"Emergency" Defense Bill Likely to be Anything But
by Adam Hughes*, 11/29/2006
More news coverage is out today on the enormous upcoming "emergency" appropriations request being developed by the Pentagon for the wars in Iraq and Afghanistan. We previously posted (here, and here) about how the Pentagon is attempting to widen the scope of this funding request to include not only expenses related to the two wars, but anything that could be categorized under the "broader war on terror."

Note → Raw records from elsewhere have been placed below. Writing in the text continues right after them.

(* Let $\alpha,\beta,\lambda\in\mathbb{R}$ with $\beta\neq 0$, let $J_1^{**}=\mathrm{diag}(\alpha+\beta i,\ \alpha-\beta i,\ \lambda)$ and $h>0$. Define $$T_1=2\beta\big(e^{\alpha h}\cos(\beta h)-e^{\lambda h}\big)+2e^{\alpha h}(\lambda-\alpha)\sin(\beta h),$$ $$\begin{aligned}T_2={}&\alpha\big(1-e^{\alpha h}\cos(\beta h)\big)\big(-2e^{\alpha h}\sin(\beta h)\big)+\alpha e^{\alpha h}\sin(\beta h)\big(2e^{\lambda h}-2e^{\alpha h}\cos(\beta h)\big)\\&+\beta\big(1-e^{\alpha h}\cos(\beta h)\big)\big(2e^{\alpha h}\cos(\beta h)-2e^{\lambda h}\big)+\beta e^{\alpha h}\sin(\beta h)\big(-2e^{\alpha h}\sin(\beta h)\big)\\&+\lambda\big(1-e^{\lambda h}\big)\big(2e^{\alpha h}\sin(\beta h)\big),\end{aligned}$$ $$T_3=-2\beta+2\alpha e^{\alpha h}\sin(\beta h)+2\beta e^{\alpha h}\cos(\beta h),$$ and $$\theta=\frac{T_1}{T_2},\qquad \phi=\frac{2e^{\alpha h}\sin(\beta h)}{2\beta+T_3\theta},\qquad \psi=e^{\lambda h}-\phi\lambda\big(\theta e^{\lambda h}+1-\theta\big).$$ Then (whenever these expressions are defined and the scheme is uniquely solvable for $\mathbf{x}_{k+1}$) the difference scheme $$\frac{\mathbf{x}_{k+1}-\psi\mathbf{x}_k}{\phi}=J_1^{**}\big[\theta\mathbf{x}_{k+1}+(1-\theta)\mathbf{x}_k\big]$$ is exact for the system $\mathbf{x}'=J_1^{**}\mathbf{x}$.
   Context: A one-step difference scheme with step size $h>0$ for $\mathbf{x}'=M\mathbf{x}$ is called exact if for every initial vector $\mathbf{x}_0$ the sequence $(\mathbf{x}_k)$ it generates satisfies $\mathbf{x}_k=\mathbf{x}(kh)$ for all $k\ge 0$, where $\mathbf{x}(t)$ solves $\mathbf{x}'=M\mathbf{x}$, $\mathbf{x}(0)=\mathbf{x}_0$. *)

From Stdlib Require Import Reals.
From Coquelicot Require Import Coquelicot.
Open Scope R_scope.

Inductive idx3 : Set := i1 | i2 | i3.

Definition vec3 := idx3 -> C.

Definition mat3 := idx3 -> idx3 -> C.

Definition mxv (M : mat3) (x : vec3) : vec3 :=
  fun i => Cplus (Cplus (Cmult (M i i1) (x i1)) (Cmult (M i i2) (x i2)))
                 (Cmult (M i i3) (x i3)).

Definition diag3 (d1 d2 d3 : C) : mat3 :=
  fun i j => match i, j with
             | i1, i1 => d1 | i2, i2 => d2 | i3, i3 => d3 | _, _ => RtoC 0
             end.

(* x : R -> C^3 solves x' = M x (derivative w.r.t. the real variable t,
   componentwise in C viewed as a real normed space) with x(0) = x0. *)
Definition solves_ivp (M : mat3) (x0 : vec3) (x : R -> vec3) : Prop :=
  x 0 = x0 /\
  forall (t : R) (i : idx3),
    is_derive (K := R_AbsRing) (V := C_R_NormedModule)
      (fun s => x s i) t (mxv M (x t) i).

Definition uniquely_solvable (step : vec3 -> vec3 -> Prop) : Prop :=
  forall u : vec3, exists! v : vec3, step u v.

Definition exact_scheme (M : mat3) (h : R) (step : vec3 -> vec3 -> Prop) : Prop :=
  forall (x0 : vec3) (xs : nat -> vec3),
    xs O = x0 -> (forall k, step (xs k) (xs (S k))) ->
    forall x : R -> vec3, solves_ivp M x0 x ->
    forall k : nat, xs k = x (INR k * h).

Definition nsfd_step (M : mat3) (psi phi theta : R) (u v : vec3) : Prop :=
  forall i : idx3,
    Cdiv (Cminus (v i) (Cmult (RtoC psi) (u i))) (RtoC phi)
    = mxv M (fun j => Cplus (Cmult (RtoC theta) (v j))
                            (Cmult (RtoC (1 - theta)) (u j))) i.

From Stdlib Require Import Reals Lra.
From Coquelicot Require Import Coquelicot.
Open Scope R_scope.

(* The matrix is diagonal, so both the flow and the scheme act coordinatewise:
   over one step the flow multiplies the coordinate of eigenvalue d by e^{hd},
   and the (uniquely solvable) scheme multiplies it by any E with
   E - psi = phi d (theta E + 1 - theta).  Exactness therefore reduces to this
   scalar relation for E = e^{hd} and the three eigenvalues.  For lambda it is
   the definition of psi, and for alpha - beta i it is the conjugate of the
   relation for alpha + beta i.  For alpha + beta i the imaginary part is the
   definition of phi, while the real part, once the denominator
   2 beta + T3 theta is cleared, is linear in theta with root T1 / T2. *)

Definition cexp (d : C) (t : R) : C :=
  (exp (Re d * t) * cos (Im d * t), exp (Re d * t) * sin (Im d * t)).

Lemma cexp_0 (d : C) : cexp d 0 = 1%C.
Proof.
  unfold cexp. rewrite !Rmult_0_r, exp_0, cos_0, sin_0.
  apply injective_projections; simpl; ring.
Qed.

Lemma cexp_add (d : C) (t s : R) : cexp d (t + s) = (cexp d s * cexp d t)%C.
Proof.
  unfold cexp, Cmult; simpl.
  rewrite !Rmult_plus_distr_l, exp_plus, cos_plus, sin_plus.
  apply injective_projections; simpl; ring.
Qed.

Lemma is_derive_Re (f : R -> C) (t : R) (l : C) :
  is_derive (K := R_AbsRing) (V := C_R_NormedModule) f t l ->
  is_derive (fun s => Re (f s)) t (Re l).
Proof.
  intros Hf.
  eapply filterdiff_ext_lin.
  - apply (filterdiff_comp f (fun z : C_R_NormedModule => fst z)); [exact Hf|].
    apply filterdiff_linear, (is_linear_fst (U := R_NormedModule) (V := R_NormedModule)).
  - reflexivity.
Qed.

Lemma is_derive_Im (f : R -> C) (t : R) (l : C) :
  is_derive (K := R_AbsRing) (V := C_R_NormedModule) f t l ->
  is_derive (fun s => Im (f s)) t (Im l).
Proof.
  intros Hf.
  eapply filterdiff_ext_lin.
  - apply (filterdiff_comp f (fun z : C_R_NormedModule => snd z)); [exact Hf|].
    apply filterdiff_linear, (is_linear_snd (U := R_NormedModule) (V := R_NormedModule)).
  - reflexivity.
Qed.

Lemma is_derive_0_const (g : R -> R) :
  (forall t, is_derive g t 0) -> forall t, g t = g 0.
Proof.
  intros Hg t.
  destruct (Rtotal_order t 0) as [Hlt | [-> | Hgt]].
  - apply (eq_is_derive g t 0); [intros; apply Hg | exact Hlt].
  - reflexivity.
  - symmetry. apply (eq_is_derive g 0 t); [intros; apply Hg | exact Hgt].
Qed.

Lemma is_derive_cexp_opp (d : C) (t : R) :
  is_derive (fun s => Re (cexp d (- s))) t (Re (- d * cexp d (- t)))%C /\
  is_derive (fun s => Im (cexp d (- s))) t (Im (- d * cexp d (- t)))%C.
Proof.
  unfold cexp, Re, Im; simpl. split; auto_derive; auto; ring.
Qed.

Lemma linear_ode_solution (d : C) (f : R -> C) :
  (forall t, is_derive (K := R_AbsRing) (V := C_R_NormedModule) f t (d * f t)%C) ->
  forall t, f t = (cexp d t * f 0)%C.
Proof.
  intros Hf.
  assert (Hderiv : forall t,
    is_derive (fun s => Re (cexp d (- s) * f s)%C) t 0 /\
    is_derive (fun s => Im (cexp d (- s) * f s)%C) t 0).
  { intros t.
    destruct (is_derive_cexp_opp d t) as [Hre Him].
    pose proof (is_derive_Re f t _ (Hf t)) as Hfre.
    pose proof (is_derive_Im f t _ (Hf t)) as Hfim.
    split.
    - eapply is_derive_ext; [intros s; symmetry; apply re_mult|].
      evar (z : R); replace 0 with z.
      + apply (is_derive_minus (fun s => Re (cexp d (- s)) * Re (f s))
                               (fun s => Im (cexp d (- s)) * Im (f s)));
          apply Derive.is_derive_mult; eassumption.
      + unfold z, minus, plus, opp, Re, Im; simpl; ring.
    - eapply is_derive_ext; [intros s; symmetry; apply im_mult|].
      evar (z : R); replace 0 with z.
      + apply (is_derive_plus (fun s => Re (cexp d (- s)) * Im (f s))
                              (fun s => Im (cexp d (- s)) * Re (f s)));
          apply Derive.is_derive_mult; eassumption.
      + unfold z, plus, Re, Im; simpl; ring. }
  intros t.
  assert (Hconst : (cexp d (- t) * f t)%C = (cexp d (- 0) * f 0)%C).
  { apply injective_projections;
      [ apply (is_derive_0_const (fun s => Re (cexp d (- s) * f s)%C))
      | apply (is_derive_0_const (fun s => Im (cexp d (- s) * f s)%C)) ];
      intros s; apply Hderiv. }
  rewrite Ropp_0, cexp_0, Cmult_1_l in Hconst.
  rewrite <- Hconst, Cmult_assoc, <- cexp_add, Rplus_opp_l, cexp_0.
  ring.
Qed.

Lemma mxv_diag3 (d1 d2 d3 : C) (v : vec3) (i : idx3) :
  mxv (diag3 d1 d2 d3) v i = (diag3 d1 d2 d3 i i * v i)%C.
Proof. destruct i; unfold mxv, diag3; ring. Qed.

Lemma solves_ivp_diag3_shift (d1 d2 d3 : C) (x0 : vec3) (x : R -> vec3) :
  solves_ivp (diag3 d1 d2 d3) x0 x ->
  forall t h i, x (t + h) i = (cexp (diag3 d1 d2 d3 i i) h * x t i)%C.
Proof.
  intros [_ Hx] t h i.
  assert (Hi : forall s, x s i = (cexp (diag3 d1 d2 d3 i i) s * x 0 i)%C).
  { apply linear_ode_solution. intros s. rewrite <- mxv_diag3. apply Hx. }
  rewrite (Hi (t + h)), (Hi t), cexp_add. ring.
Qed.

Lemma exact_scheme_of_flow (M : mat3) (h : R) (step : vec3 -> vec3 -> Prop) :
  uniquely_solvable step ->
  (forall x0 x, solves_ivp M x0 x -> forall t, step (x t) (x (t + h))) ->
  exact_scheme M h step.
Proof.
  intros Huniq Hflow x0 xs Hxs0 Hxs x Hx.
  induction k as [|k IH].
  - destruct Hx as [Hx0 _]. rewrite Rmult_0_l, Hxs0, Hx0. reflexivity.
  - destruct (Huniq (xs k)) as [v [_ Hv]].
    rewrite <- (Hv _ (Hxs k)), (Hv (x (INR k * h + h))).
    + rewrite S_INR. f_equal. ring.
    + rewrite IH. exact (Hflow x0 x Hx _).
Qed.

Definition nsfd_exact_mode (psi phi theta h : R) (d : C) : Prop :=
  (cexp d h - psi = phi * d * (theta * cexp d h + (1 - theta)%R))%C.

Lemma nsfd_step_diag3 (d1 d2 d3 : C) (psi phi theta h : R) (u v : vec3) :
  phi <> 0 ->
  (forall i, nsfd_exact_mode psi phi theta h (diag3 d1 d2 d3 i i)) ->
  (forall i, v i = (cexp (diag3 d1 d2 d3 i i) h * u i)%C) ->
  nsfd_step (diag3 d1 d2 d3) psi phi theta u v.
Proof.
  intros Hphi Hmode Hv i.
  assert (Hphi' : RtoC phi <> RtoC 0) by (intros E; apply Hphi; injection E; auto).
  rewrite mxv_diag3, Hv.
  transitivity ((cexp (diag3 d1 d2 d3 i i) h - psi) * u i / phi)%C.
  - field. exact Hphi'.
  - rewrite Hmode. field. exact Hphi'.
Qed.

Lemma diag3_nsfd_exact (d1 d2 d3 : C) (psi phi theta h : R) :
  phi <> 0 ->
  (forall i, nsfd_exact_mode psi phi theta h (diag3 d1 d2 d3 i i)) ->
  uniquely_solvable (nsfd_step (diag3 d1 d2 d3) psi phi theta) ->
  exact_scheme (diag3 d1 d2 d3) h (nsfd_step (diag3 d1 d2 d3) psi phi theta).
Proof.
  intros Hphi Hmode Huniq.
  apply exact_scheme_of_flow; [exact Huniq|].
  intros x0 x Hx t.
  apply (nsfd_step_diag3 d1 d2 d3 psi phi theta h); [exact Hphi | exact Hmode |].
  intros i. exact (solves_ivp_diag3_shift _ _ _ _ _ Hx t h i).
Qed.

Lemma cexp_conj (d : C) (t : R) : cexp (Cconj d) t = Cconj (cexp d t).
Proof.
  unfold cexp, Cconj, Re, Im; simpl.
  rewrite Ropp_mult_distr_l_reverse, cos_neg, sin_neg, Ropp_mult_distr_r. reflexivity.
Qed.

Lemma nsfd_exact_mode_conj (psi phi theta h : R) (d : C) :
  nsfd_exact_mode psi phi theta h d -> nsfd_exact_mode psi phi theta h (Cconj d).
Proof.
  unfold nsfd_exact_mode. intros Hd.
  assert (Hconj_real : forall r : R, Cconj r = r).
  { intros r. unfold Cconj, RtoC; simpl. now rewrite Ropp_0. }
  rewrite cexp_conj, <- (Hconj_real psi), <- (Hconj_real phi), <- (Hconj_real theta),
    <- (Hconj_real (1 - theta)).
  rewrite <- Cminus_conj, Hd, !Cmult_conj, Cplus_conj, Cmult_conj. reflexivity.
Qed.

Lemma nsfd_exact_mode_real (l psi phi theta h : R) :
  psi = exp (l * h) - phi * l * (theta * exp (l * h) + 1 - theta) ->
  nsfd_exact_mode psi phi theta h (RtoC l).
Proof.
  intros ->. unfold nsfd_exact_mode, cexp, Re, Im; simpl.
  rewrite Rmult_0_l, cos_0, sin_0.
  apply injective_projections; simpl; ring.
Qed.

Lemma nsfd_exact_mode_complex (alpha beta lambda h : R) :
  let ea := exp (alpha * h) in
  let el := exp (lambda * h) in
  let c := cos (beta * h) in
  let s := sin (beta * h) in
  let T1 := 2 * beta * (ea * c - el) + 2 * ea * (lambda - alpha) * s in
  let T2 := alpha * (1 - ea * c) * (- 2 * ea * s)
            + alpha * ea * s * (2 * el - 2 * ea * c)
            + beta * (1 - ea * c) * (2 * ea * c - 2 * el)
            + beta * ea * s * (- 2 * ea * s)
            + lambda * (1 - el) * (2 * ea * s) in
  let T3 := - 2 * beta + 2 * alpha * ea * s + 2 * beta * ea * c in
  let theta := T1 / T2 in
  let phi := 2 * ea * s / (2 * beta + T3 * theta) in
  let psi := el - phi * lambda * (theta * el + 1 - theta) in
  T2 <> 0 -> 2 * beta + T3 * theta <> 0 ->
  nsfd_exact_mode psi phi theta h (alpha, beta).
Proof.
  intros ea el c s T1 T2 T3 theta phi psi HT2 HD.
  set (D := 2 * beta + T3 * theta) in *.
  assert (Htheta : theta * T2 = T1) by (unfold theta; field; exact HT2).
  assert (Hphi : phi * D = 2 * ea * s) by (unfold phi; field; exact HD).
  assert (Hreal : (ea * c - el) * D + 2 * ea * s * (lambda * (theta * el + 1 - theta))
                  = 2 * ea * s * (alpha * (theta * ea * c + 1 - theta) - beta * theta * ea * s)).
  { unfold D, T3. unfold T1, T2 in Htheta. clearbody theta. lra. }
  assert (Him : ea * s = phi * (beta * (theta * ea * c + 1 - theta) + alpha * theta * ea * s)).
  { unfold D, T3 in Hphi. lra. }
  assert (Hre : ea * c - psi = phi * (alpha * (theta * ea * c + 1 - theta) - beta * theta * ea * s)).
  { apply (Rmult_eq_reg_r D); [|exact HD].
    transitivity ((ea * c - el) * D + phi * D * (lambda * (theta * el + 1 - theta))).
    { unfold psi. ring. }
    rewrite Hphi, Hreal, <- Hphi. ring. }
  unfold nsfd_exact_mode, cexp, Re, Im; simpl.
  fold ea c s.
  apply injective_projections; simpl; lra.
Qed.

Theorem corollary1 (alpha beta lambda h : R) :
  beta <> 0 -> h > 0 ->
  let J := diag3 (alpha, beta) (alpha, - beta) (RtoC lambda) in
  let ea := exp (alpha * h) in
  let el := exp (lambda * h) in
  let c := cos (beta * h) in
  let s := sin (beta * h) in
  let T1 := 2 * beta * (ea * c - el) + 2 * ea * (lambda - alpha) * s in
  let T2 := alpha * (1 - ea * c) * (- 2 * ea * s)
            + alpha * ea * s * (2 * el - 2 * ea * c)
            + beta * (1 - ea * c) * (2 * ea * c - 2 * el)
            + beta * ea * s * (- 2 * ea * s)
            + lambda * (1 - el) * (2 * ea * s) in
  let T3 := - 2 * beta + 2 * alpha * ea * s + 2 * beta * ea * c in
  let theta := T1 / T2 in
  let phi := 2 * ea * s / (2 * beta + T3 * theta) in
  let psi := el - phi * lambda * (theta * el + 1 - theta) in
  T2 <> 0 -> 2 * beta + T3 * theta <> 0 -> phi <> 0 ->
  uniquely_solvable (nsfd_step J psi phi theta) ->
  exact_scheme J h (nsfd_step J psi phi theta).
Proof.
  intros _ _ J ea el c s T1 T2 T3 theta phi psi HT2 HD Hphi Huniq.
  pose proof (nsfd_exact_mode_complex alpha beta lambda h HT2 HD) as Hpair.
  apply diag3_nsfd_exact; [exact Hphi | | exact Huniq].
  intros [| |].
  - exact Hpair.
  - exact (nsfd_exact_mode_conj _ _ _ _ _ Hpair).
  - apply nsfd_exact_mode_real. reflexivity.
Qed.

Along with many in Congress and numerous outside analysts, now the Congressional Research Service has complained (in a Sept. 1 report) that the distinction between "emergency" spending related to the ongoing wars and money to continue to transform and modernize the armed forced more broadly has almost disappeared. A few gems reported recently in the media help to underscore this conclusion.

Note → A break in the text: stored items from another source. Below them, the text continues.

(* Consider an instance of the uncapacitated food delivery problem with $k\ge1$ vehicles on a tree $T=(V,E)$ rooted at the depot $o$, let $F>0$ be at least the optimum offline maximum flow time, and fix an offline optimum solution. Let $R'\subseteq R$, and let $\mathcal{P}$ be the set of trips in the optimum solution that serve at least one request in $R'$. Then every edge $e\in E$ is used by at least $c_F(R',e)$ trips in $\mathcal{P}$; consequently the total length of the trips in $\mathcal{P}$ is at least $\mathrm{cost}_F(R')$.
   Context: FDP: a graph (here a tree) with lengths $\ell:E\to\mathbb{R}_{>0}$, depot $o$, $k$ unit-speed vehicles at $o$, capacity $c$ (here $c=\infty$), requests $\rho=(r_\rho,v_\rho)$ with arrival time $r_\rho\ge0$ and delivery location $v_\rho\in V$. A trip is a closed walk from $o$ to $o$ not visiting $o$ in between, started at some time $t$, serving a set of requests with $r_\rho\le t$ whose locations it visits; a request is served when the walk first reaches its location. Each vehicle performs trips sequentially; every request is served exactly once; flow time of $\rho$ = service time $-\,r_\rho$; objective: minimize maximum flow time. Tree notation: $V_v$ is the set of descendants of $v$ (including $v$); for an edge $e=(u,v)$ with $v$ the child, $V_e=V_v$. For $X\subseteq V$, $\mathrm{mst}(X)$ is the total length of the minimal subtree of $T$ containing $X\cup\{o\}$, and $\mathrm{mst}_e(X)=\mathrm{mst}(V_e\cap X)$; a set of requests is identified with the set of its delivery locations. $c_F(X,e)=\lceil \mathrm{mst}_e(X)/F\rceil$ and $\mathrm{cost}_F(X)=2\sum_{e\in E}c_F(X,e)\ell(e)$. *)

From HB Require Import structures.
From mathcomp Require Import all_boot all_order all_algebra.
From mathcomp Require Import reals.
Set Implicit Arguments. Unset Strict Implicit. Unset Printing Implicit Defensive.
Import Order.TTheory GRing.Theory Num.Theory.
Local Open Scope ring_scope.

From the Los Angeles Times:
[Winslow Wheeler, director of the Straus Military Reform Project and a former congressional budget aide] said the services were doing more than just replacing equipment destroyed in Iraq or Afghanistan. He was particularly critical of the Marine Corps' decision to use the emergency spending requests to replace old helicopters with the new V-22 Osprey, a controversial and expensive tilt rotor airplane that has yet to be deployed in Iraq or Afghanistan.

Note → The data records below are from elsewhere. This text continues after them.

Lemma vkord_inj d k N (i j : 'I_N) a :
  vkord d k i = Some a -> vkord d k j = Some a -> i = j.
Proof. by move=> /vkord_Some ei /vkord_Some ej; apply: val_inj; apply: vkidx_inj ei ej. Qed.

Lemma vkord_surj d n k : (0 < k < n)%N ->
  forall a : 'I_d.+1, exists i : 'I_(d.-1 + n), vkord d k i = Some a.
Proof.
move=> kn a; case: (ltnP a d) => ad.
  have ai : (a < d.-1 + n)%N by lia.
  by exists (Ordinal ai); rewrite /vkord /vkidx /= ad /= valK.
have ai : ((d + k).-1 < d.-1 + n)%N by lia.
exists (Ordinal ai); rewrite /vkord /vkidx /= ltnNge (_ : d <= (d + k).-1)%N; last by lia.
rewrite eqxx /= -[X in insub X](_ : val a = d) ?valK //.
by apply/anti_leq; rewrite -ltnS ltn_ord ad.
Qed.

Section ReductionFactors.
Variable R : realType.

Lemma orthogonal_mx_gram n p (W : 'M[R]_n) (Y : 'M_(n, p)) :
  orthogonal_mx W -> (W *m Y)^T *m (W *m Y) = Y^T *m Y.
Proof. by move=> WW; rewrite trmx_mul -mulmxA (mulmxA W^T) WW mul1mx. Qed.

Lemma orthogonal_mx1 n : orthogonal_mx (1%:M : 'M[R]_n).
Proof. by rewrite /orthogonal_mx trmx1 mulmx1. Qed.

Lemma orthogonal_mxM n (A B : 'M[R]_n) :
  orthogonal_mx A -> orthogonal_mx B -> orthogonal_mx (A *m B).
Proof. by move=> AA BB; rewrite /orthogonal_mx orthogonal_mx_gram. Qed.

Lemma Vk_embed d n k (U : 'M[R]_d.+1) : Vk n k U = embed_mx (vkord d k) U.
Proof.
apply/matrixP => i j; rewrite !mxE /vkord /mxe.
case Ei: (vkidx d k i) => [a|]; case Ej: (vkidx d k j) => [b|] //=; last by case: insub.
case: insubP => [a' _ _ | /negP[]]; last exact: vkidx_le Ei.
by case: insubP => [b' _ _ | /negP[]]; last exact: vkidx_le Ej.
Qed.

Lemma Vk_row_id d n k (U : 'M[R]_d.+1) (r : 'I_(d.-1 + n)) :
  (d <= r)%N -> r != (d + k).-1 :> nat -> row r (Vk n k U) = row r 1%:M.
Proof. by move=> dr rk; rewrite Vk_embed embed_mx_row_id // vkord_None. Qed.

Lemma Vk_col_id d n k (U : 'M[R]_d.+1) (c : 'I_(d.-1 + n)) :
  (d <= c)%N -> c != (d + k).-1 :> nat -> col c (Vk n k U) = col c 1%:M.
Proof. by move=> dc ck; rewrite Vk_embed embed_mx_col_id // vkord_None. Qed.

Lemma Vk_orthogonal d n k (U : 'M[R]_d.+1) :
  (0 < k < n)%N -> orthogonal_mx U -> orthogonal_mx (Vk n k U).
Proof.
move=> kn UU; rewrite /orthogonal_mx Vk_embed.
by apply: embed_mx_orthogonal => //; [exact: vkord_inj | exact: vkord_surj].
Qed.

Lemma Vn_embed d n (U : 'M[R]_d) :
  Vn n U = embed_mx (fun i : 'I_(d.-1 + n) => insub (val i)) U.
Proof.
apply/matrixP => i j; rewrite !mxE /mxe.
by case: (insubP 'I_d i) => [a -> _ | /negbTE ->];
   case: (insubP 'I_d j) => [b -> _ | /negbTE ->].
Qed.

Lemma Vn_col_id d n (U : 'M[R]_d) (c : 'I_(d.-1 + n)) :
  (d <= c)%N -> col c (Vn n U) = col c 1%:M.
Proof. by move=> dc; rewrite Vn_embed embed_mx_col_id // insubF // ltnNge dc. Qed.

Lemma Vn_orthogonal d n (U : 'M[R]_d) :
  (0 < n)%N -> orthogonal_mx U -> orthogonal_mx (Vn n U).
Proof.
move=> n0 UU; rewrite /orthogonal_mx Vn_embed; apply: embed_mx_orthogonal => //.
  move=> i j a ei ej; apply: val_inj.
  by move: (insubK 'I_d (val i)) (insubK 'I_d (val j)); rewrite ei ej /= => <- <-.
move=> a; have ai : (a < d.-1 + n)%N by have := ltn_ord a; lia.
by exists (Ordinal ai); rewrite /= valK.
Qed.

Definition Pmat_scale n (gamma : R) : 'rV[R]_n :=
  \row_(j < n) if (j : nat) == 0%N then gamma else 1.

Lemma Pmat_factor n (gamma : R) : (1 < n)%N ->
  Pmat n gamma = colsub (@ordS n) 1%:M *m diag_mx (Pmat_scale n gamma).
Proof.
move=> n2; apply/matrixP => -[i ni] [j nj]; rewrite mul_mx_diag !mxE /=.
have -> : (Ordinal ni == ordS (Ordinal nj)) = (i == j.+1 %% n)%N by [].
have -> : (j.+1 %% n = if j == n.-1 then 0 else j.+1)%N.
  by case: eqP => [->|?]; [rewrite prednK ?modnn // ltnW | rewrite modn_small //; lia].
case: (eqVneq j n.-1) => ?; case: (eqVneq i 0%N) => ?; case: (eqVneq i 1%N) => ?;
  case: (eqVneq j 0%N) => ?; case: (ltnP 1 i) => ?; case: (eqVneq j i.-1) => ?;
  case: (eqVneq i j.+1) => ?; rewrite /= ?mul1r ?mul0r ?mulr1 //; lia.
Qed.

Lemma Pmat_gram n (gamma : R) : (1 < n)%N ->
  (Pmat n gamma)^T *m Pmat n gamma = diag_mx (\row_j (Pmat_scale n gamma 0 j ^+ 2)).
Proof.
move=> n2; rewrite Pmat_factor // trmx_mul tr_diag_mx -mulmxA (mulmxA _^T).
rewrite colsub_inj_gram ?mul1mx ?mulmx_diag; last exact: ordS_inj.
by congr diag_mx; apply/rowP => j; rewrite !mxE expr2.
Qed.

Lemma Pmat_Crow_gram n (gamma : R) : (1 < n)%N -> `|gamma| <= 1 ->
  (Pmat n gamma)^T *m Pmat n gamma + (Crow n gamma)^T *m Crow n gamma = 1%:M.
Proof.
move=> n2 g1; rewrite Pmat_gram //; apply/matrixP => i j; rewrite !mxE big_ord1 !mxE.
have g2 : gamma ^+ 2 <= 1 by rewrite -real_normK ?num_real // exprn_ile1.
case: (eqVneq i j) => [<- | ij] /=.
  case: eqP => _; rewrite ?mulr0 ?addr0 ?expr1n //.
  by rewrite -expr2 sqr_sqrtr ?subr_ge0 // addrC subrK.
rewrite mulr0n add0r; case: eqP => i0; case: eqP => j0; rewrite ?mulr0 ?mul0r //.
by case/eqP: ij; apply: ord_inj; rewrite i0 j0.
Qed.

And this one from the Vermont Times Argus:
Both the Congress and Pentagon have been guilty of using the emergency spending device to bankroll non-emergency programs. For example, Congress directed the Air Force to use emergency money to buy additional C-17 jet transports, while the Pentagon is using emergency money to refurbish and replace weapons used up in Iraq — the manufacturing of which won't be completed for years — and for training new military units with expertise not required for service in Iraq and Afghanistan.
It's bad enough that the Pentagon and the Bush administration have not managed to include war costs in the regular budgeting process - that they are expanding the scope of "emergency" spending is downright shameful.